Though best known for red wines like Cabernet and Syrah, Washington further distinguishes itself by producing outstanding bottles from a variety of grapes.
What defines Washington State wine? That’s the question the state has been trying to answer as it grows from its infancy—most vineyards have been planted in the last 40 years—into its adolescence as a wine-growing region.
This month’s series of Washington reviews provides no easy answer. Top scoring wines include Syrah, Cabernet Sauvignon, Bordeaux-style blends, Rhône-style blends, Mourvèdre, Grenache, Merlot, Cabernet Franc, Chardonnay, Malbec and Merlot.
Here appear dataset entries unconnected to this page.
Lemma tannery (t : nat -> nat -> R) (a g : nat -> R) (N : nat -> nat) :
  ex_series g -> (forall k n, 0 <= t k n <= g k) ->
  (forall k, is_lim_seq (fun n => t k n) (a k)) ->
  (forall k n, (N n <= k)%nat -> t k n = 0) ->
  is_lim_seq (fun n => sum_lt (N n) (fun k => t k n)) (Series a).
Proof.
  intros Hg Ht Hl Hvan.
  assert (Ha : forall k, 0 <= a k <= g k).
  { intros k. split.
    - apply (is_lim_seq_le (fun _ => 0) (fun n => t k n) 0 (a k));
        [intros; apply Ht | apply is_lim_seq_const | apply Hl].
    - apply (is_lim_seq_le (fun n => t k n) (fun _ => g k) (a k) (g k));
        [intros; apply Ht | apply Hl | apply is_lim_seq_const]. }
  assert (Hae : ex_series a) by exact (ex_series_le_nonneg a g Ha Hg).
  apply is_lim_seq_spec. intros eps.
  assert (He3 : 0 < eps / 3) by (destruct eps; simpl; lra).
  (* a tail of [g] smaller than [eps / 3] ... *)
  assert (Hgs : is_lim_seq (sum_n g) (Series g)) by exact (Series_correct g Hg).
  apply is_lim_seq_spec in Hgs.
  destruct (Hgs (mkposreal _ He3)) as [K0 HK0]. specialize (HK0 K0 (le_n _)). simpl in HK0.
  set (K := Datatypes.S K0). rewrite <- sum_lt_sum_n in HK0. fold K in HK0.
  set (tail_g := Series (fun k => g (K + k)%nat)).
  assert (Htail_g : tail_g < eps / 3).
  { rewrite (Series_split g K Hg) in HK0. apply Rabs_lt_between in HK0. unfold tail_g. lra. }
  assert (Htail_a : 0 <= Series (fun k => a (K + k)%nat) <= tail_g).
  { split; [apply Series_nonneg; [intros; apply Ha | now apply ex_series_incr_n]|].
    apply Series_le; [intros; apply Ha | now apply ex_series_incr_n]. }
  (* ... and the first [K] terms converge *)
  pose proof (is_lim_seq_sum_lt K t a (fun k _ => Hl k)) as Hf. apply is_lim_seq_spec in Hf.
  destruct (Hf (mkposreal _ He3)) as [N1 HN1].
  exists N1. intros n Hn. specialize (HN1 n Hn). cbn [pos] in HN1.
  rewrite <- (sum_lt_vanishing (N n) (K + N n)) by (lia || (intros; apply Hvan; lia)).
  rewrite sum_lt_add, (Series_split a K Hae).
  assert (Hrest : 0 <= sum_lt (N n) (fun j => t (K + j)%nat n) <= tail_g).
  { split; [apply sum_lt_nonneg; intros; apply Ht|].
    apply Rle_trans with (sum_lt (N n) (fun j => g (K + j)%nat)); [apply sum_lt_le; intros; apply Ht|].
    apply sum_lt_le_Series; [intros; pose proof (Ht (K + k)%nat 0%nat); lra | now apply ex_series_incr_n]. }
  apply Rabs_lt_between in HN1. apply Rabs_lt_between. lra.
Qed.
Oh, and there are quality rosés and ice wines mixed in there too.
Why so much diversity? There are more than 40 wine-grape varieties planted in Washington, and many have shown an affinity for the region.
Looking at why that is, it’s important to understand that the Columbia Valley—Washington’s largest growing region—is far from monolithic. Taking up nearly a third of the land mass of the state, it’s a diverse winegrowing region, full of ranges of elevation and heat accumulation. Additionally, the Columbia Valley is a desert, with warm, dry temperatures, meaning irrigation is required in almost all vineyards. This provides growers with a fine level of control over the amount of water that each grape vine receives, increasing both quality and consistency, while allowing a large number of grape varieties to flourish.
There are more than 40 wine-grape varieties planted in Washington, and many have shown an affinity for the region.
With so much diversity, how are we to understand Washington as a wine region? Certainly, red grape varieties surpass white varieties in terms of quality, though high-quality white wines undoubtedly exist.
Otherwise, what unites the wines across variety is ripe New World fruit combined with an Old World-style structure, with higher acidity due to cool nights.
Washington probably won’t be identified with a single grape variety any time soon. However, Syrah and Cabernet Sauvignon are increasingly separating themselves. Will these grapes eventually become Washington’s calling card? Only time will tell.